(* The relation whose leading word d k u starts at vertex v is the one at
   vertex v (k = u) or at vertex v - 1 (k = d). *)
Definition rel_index (k : bool) (v : nat) := if k then v else vprev n v.
Definition alpha_at k v := nth 0 al (rel_index k v).
Definition beta_at k v := nth 0 be (rel_index k v).
Definition gamma_at k v := nth 0 ga (rel_index k v).

Definition expand_redex (rec : seq bool -> seq (F * seq bool)) s A k B :=
  let v := walk n s A in
  lscale (alpha_at k v) (rec (A ++ word_a k ++ B))
  ++ lscale (beta_at k v) (rec (A ++ word_b k ++ B))
  ++ lscale (gamma_at k v) (rec (A ++ word_c k ++ B)).

Lemma lsum_expand_redex g rec s A k B : let v := walk n s A in
  lsum g (expand_redex rec s A k B) =
    alpha_at k v * lsum g (rec (A ++ word_a k ++ B))
    + beta_at k v * lsum g (rec (A ++ word_b k ++ B))
    + gamma_at k v * lsum g (rec (A ++ word_c k ++ B)).
Proof. by rewrite !lsum_cat !lsum_scale addrA. Qed.

Fixpoint nf_fuel (fuel s : nat) (w : seq bool) : seq (F * seq bool) :=
  if fuel is f.+1 then
    if leftmost_redex w is Some (A, k, B) then expand_redex (nf_fuel f s) s A k B
    else [:: (1, w)]
  else [::].

(* Enough fuel, as each reduction decreases the weight. *)
Definition nf (s : nat) (w : seq bool) := nf_fuel (weight w).+1 s w.

Lemma nf_fuel_stable f f' s w :
  (weight w < f)%N -> (f <= f')%N -> nf_fuel f s w = nf_fuel f' s w.
Proof.
elim: f f' w => [|f IHf] [|f'] w //= lt_w le_f.
case E: (leftmost_redex w) => [[[A k] B]|] //.
have [] := weight_reducts A k B; rewrite -(leftmost_redex_some E) => lt_a lt_b lt_c.
by rewrite /expand_redex !(IHf f') //; lia.
Qed.

Lemma nf_reduced s w : leftmost_redex w = None -> nf s w = [:: (1, w)].
Proof. by rewrite /nf /= => ->. Qed.

Lemma nf_leftmost s w A k B :
  leftmost_redex w = Some (A, k, B) -> nf s w = expand_redex (nf s) s A k B.
Proof.
move=> E; rewrite [LHS]/nf [LHS]/= E.
have [] := weight_reducts A k B; rewrite -(leftmost_redex_some E) => lt_a lt_b lt_c.
by congr (lscale _ _ ++ lscale _ _ ++ lscale _ _); symmetry; apply: nf_fuel_stable.
Qed.

Lemma all_reduced_nf s w : all (reduced \o snd) (nf s w).
Proof.
rewrite /nf; move: (weight w).+1 => f; elim: f w => [|f IHf] w //=.
case E: (leftmost_redex w) => [[[A k] B]|]; last by rewrite /= /reduced E.
by rewrite !all_cat /lscale !all_map !IHf.
Qed.

Section Confluence.
Variables (s : nat) (g : seq bool -> F).
Hypothesis s_lt : (s < n)%N.

Definition nf_value w := lsum g (nf s w).

Definition reduce_at A k B := let v := walk n s A in
  alpha_at k v * nf_value (A ++ word_a k ++ B) + beta_at k v * nf_value (A ++ word_b k ++ B)
  + gamma_at k v * nf_value (A ++ word_c k ++ B).

Lemma nf_value_reduced w : leftmost_redex w = None -> nf_value w = g w.
Proof. by move=> E; rewrite /nf_value nf_reduced // /lsum big_seq1 mul1r. Qed.

Lemma nf_value_leftmost w A k B :
  leftmost_redex w = Some (A, k, B) -> nf_value w = reduce_at A k B.
Proof. by move=> E; rewrite /nf_value (nf_leftmost _ E) lsum_expand_redex. Qed.

(* The only overlap of two leading words is d d u u = (d d u) u = d (d u u). *)
Lemma reduce_at_overlap A B :
  (forall A' k' B', (weight (A' ++ lead k' ++ B') < weight (A ++ lead false ++ true :: B))%N ->
     nf_value (A' ++ lead k' ++ B') = reduce_at A' k' B') ->
  reduce_at A false (true :: B) = reduce_at (A ++ [:: false]) true B.
Proof.
move=> IH.
have e_l : A ++ word_b false ++ true :: B = (A ++ [:: true]) ++ lead false ++ B.
  by rewrite -catA.
have e_r : (A ++ [:: false]) ++ word_b true ++ B = A ++ lead true ++ false :: B.
  by rewrite -catA.
have [_ lt_l _] := weight_reducts A false (true :: B).
have [_ lt_r _] := weight_reducts (A ++ [:: false]) true B.
rewrite e_l in lt_l; rewrite e_r -catA in lt_r.
rewrite /reduce_at e_l e_r IH // IH //.
rewrite /reduce_at !walk_cat -!catA /= /alpha_at /beta_at /gamma_at /rel_index /vstep.
(* both sides are now the same combination of dudu, udud, uudd, ud and du *)
by rewrite vprev_vnext ?walk_lt.
Qed.

Lemma reduce_at_disjoint A k M k' B :
  let W := weight (A ++ lead k ++ M ++ lead k' ++ B) in
  (forall A' k'' B', (weight (A' ++ lead k'' ++ B') < W)%N ->
     nf_value (A' ++ lead k'' ++ B') = reduce_at A' k'' B') ->
  reduce_at A k (M ++ lead k' ++ B) = reduce_at (A ++ lead k ++ M) k' B.
Proof.
move=> W IH.
have IH_l r : (weight (A ++ r ++ M ++ lead k' ++ B) < W)%N ->
    nf_value (A ++ r ++ M ++ lead k' ++ B) = reduce_at (A ++ r ++ M) k' B.
  by have := IH (A ++ r ++ M) k' B; rewrite -!catA.
have [lt_a lt_b lt_c] := weight_reducts A k (M ++ lead k' ++ B).
have [lt_a' lt_b' lt_c'] := weight_reducts (A ++ lead k ++ M) k' B.
rewrite -!catA in lt_a' lt_b' lt_c'.
rewrite {1}/reduce_at !IH_l // [RHS]/reduce_at -!catA !IH //.
have [e_a e_b e_c] := walk_reducts n_gt0 k (walk_lt n_gt0 A s_lt).
rewrite /reduce_at !walk_cat e_a e_b e_c -!catA.
ring.
Qed.

Lemma nf_value_redex A k B : nf_value (A ++ lead k ++ B) = reduce_at A k B.
Proof.
have [m] := ubnP (weight (A ++ lead k ++ B)); elim: m A k B => // m IHm A k B lt_w.
case E: (leftmost_redex (A ++ lead k ++ B)) => [[[A0 k0] B0]|]; last first.
  by case: (leftmost_redex_none E (erefl _)).
have e_w := leftmost_redex_some E.
have IH A' k' B' : (weight (A' ++ lead k' ++ B') < weight (A0 ++ lead k0 ++ B0))%N ->
    nf_value (A' ++ lead k' ++ B') = reduce_at A' k' B'.
  by rewrite -e_w => lt_w'; apply: IHm; lia.
have [X [e_A e_X]] := cat_eq_prefix (esym e_w) (leftmost_redex_min E (erefl _)).
rewrite (nf_value_leftmost E) e_A; move: IH; clear E e_w lt_w e_A.
(* the leftmost redex starts size X letters before the given one *)
case: X e_X => [|x1 [|x2 [|x3 M]]] /=.
- by case=> <- <-; rewrite cats0.
- by case=> <- -> <- ->; apply: reduce_at_overlap.
- by case.
- by case=> <- <- <- ->; apply: reduce_at_disjoint.
Qed.

End Confluence.

Lemma in_ideal0 : in_ideal al be ga (fun _ => 0).
Proof. by exists [::]; split => // w; rewrite /coef big_nil. Qed.

Lemma in_ideal_eq f f' : f =1 f' -> in_ideal al be ga f -> in_ideal al be ga f'.
Proof. by move=> e_f [L [L_ok e_L]]; exists L; split=> // w; rewrite -e_f. Qed.

Lemma in_idealD f f' : in_ideal al be ga f -> in_ideal al be ga f' ->
  in_ideal al be ga (fun w => f w + f' w).
Proof.
move=> [L [L_ok e_L]] [L' [L'_ok e_L']]; exists (L ++ L'); split.
  by move=> x; rewrite mem_cat => /orP[/L_ok|/L'_ok].
by move=> w; rewrite map_cat flatten_cat /coef big_cat -/(coef _ w) -/(coef _ w) e_L e_L'.
Qed.

Lemma in_idealZ c f : in_ideal al be ga f -> in_ideal al be ga (fun w => c * f w).
Proof.
move=> [L [L_ok e_L]]; exists [seq (c * x.1.1.1, x.1.1.2, x.1.2, x.2) | x <- L]; split.
  by move=> _ /mapP[x /L_ok ? ->].
move=> w; rewrite e_L !coef_lsum; elim: L {L_ok e_L} => [|x L IHL] /=.
  by rewrite /lsum !big_nil mulr0.
rewrite !lsum_cat mulrDr IHL; congr (_ + _).
by rewrite /lsum !big_map mulr_sumr; apply: eq_bigr => y _ /=; rewrite !mulrA.
Qed.

Lemma in_ideal_sandwich p r q : valid_path n p -> valid_path n q -> (r.2 < n)%N ->
  in_ideal al be ga (coef (sandwich n p (relation al be ga r) q)).
Proof.
move=> p_ok q_ok r_lt; exists [:: (1, p, r, q)]; split.
  by move=> x; rewrite mem_seq1 => /eqP->.
move=> w /=; rewrite cats0; congr coef.
by elim: (sandwich _ _ _ _) => //= y S <-; rewrite mul1r -surjective_pairing.
Qed.

Lemma relation_word_path k v : (v < n)%N ->
  relation al be ga (k, rel_index k v) =
  [:: (1, word_path n v (lead k)); (- alpha_at k v, word_path n v (word_a k));
      (- beta_at k v, word_path n v (word_b k)); (- gamma_at k v, word_path n v (word_c k))].
Proof.
move=> v_lt; case: k; rewrite /relation /word_path /rel_index /= ?vnext_vprev //.
  by rewrite vprev_vnext // vprev_vnext ?vnext_lt.
by rewrite vprev_vnext // vprev_vnext ?vprev_lt.
Qed.

Lemma sandwich_word_path s A k B : (s < n)%N ->
  let v := walk n s A in
  sandwich n (word_path n s A) (relation al be ga (k, rel_index k v))
    (word_path n (walk n s (A ++ lead k)) B) =
  [:: (1, word_path n s (A ++ lead k ++ B));
      (- alpha_at k v, word_path n s (A ++ word_a k ++ B));
      (- beta_at k v, word_path n s (A ++ word_b k ++ B));
      (- gamma_at k v, word_path n s (A ++ word_c k ++ B))].
Proof.
move=> s_lt v; have v_lt : (v < n)%N := walk_lt n_gt0 A s_lt.
have [e_a e_b e_c] := walk_reducts n_gt0 k v_lt.
rewrite relation_word_path // /sandwich /= !pmul_word_path eqxx /= !pmul_word_path.
by rewrite !walk_cat e_a e_b e_c eqxx /= -!catA.
Qed.

Lemma sandwich_relation_cases p q b i :
  valid_path n p -> valid_path n q -> (i < n)%N ->
  sandwich n p (relation al be ga (b, i)) q = [::] \/
  exists s A B, [/\ (s < n)%N, p = word_path n s A,
    q = word_path n (walk n s (A ++ lead b)) B & i = rel_index b (walk n s A)].
Proof.
move=> p_ok q_ok i_lt; have s_lt : (p.1 < n)%N by case/andP: p_ok.
rewrite (word_pathE n_gt0 p_ok) (word_pathE n_gt0 q_ok).
set s := p.1; set A := unzip1 p.2; set t := q.1; set B := unzip1 q.2.
have [v [v_lt ->]] : exists v, (v < n)%N /\ i = rel_index b v.
  by case: b; [exists i | exists (vnext n i); rewrite /rel_index vprev_vnext ?vnext_lt].
rewrite relation_word_path // /sandwich /= !pmul_word_path.
have [<-|] := eqVneq (walk n s A) v; last by left.
have [e_a e_b e_c] := walk_reducts n_gt0 b (walk_lt n_gt0 A s_lt).
rewrite /= !pmul_word_path !walk_cat e_a e_b e_c -walk_cat.
have [<-|] := eqVneq (walk n s (A ++ lead b)) t; last by left.
by right; exists s, A, B.
Qed.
|---|
### The task
Repeat the entries verbatim through the line with "lsum g (expand_redex".

### Exercise solution
(* The relation whose leading word d k u starts at vertex v is the one at
   vertex v (k = u) or at vertex v - 1 (k = d). *)
Definition rel_index (k : bool) (v : nat) := if k then v else vprev n v.
Definition alpha_at k v := nth 0 al (rel_index k v).
Definition beta_at k v := nth 0 be (rel_index k v).
Definition gamma_at k v := nth 0 ga (rel_index k v).

Definition expand_redex (rec : seq bool -> seq (F * seq bool)) s A k B :=
  let v := walk n s A in
  lscale (alpha_at k v) (rec (A ++ word_a k ++ B))
  ++ lscale (beta_at k v) (rec (A ++ word_b k ++ B))
  ++ lscale (gamma_at k v) (rec (A ++ word_c k ++ B)).

Lemma lsum_expand_redex g rec s A k B : let v := walk n s A in
  lsum g (expand_redex rec s A k B) =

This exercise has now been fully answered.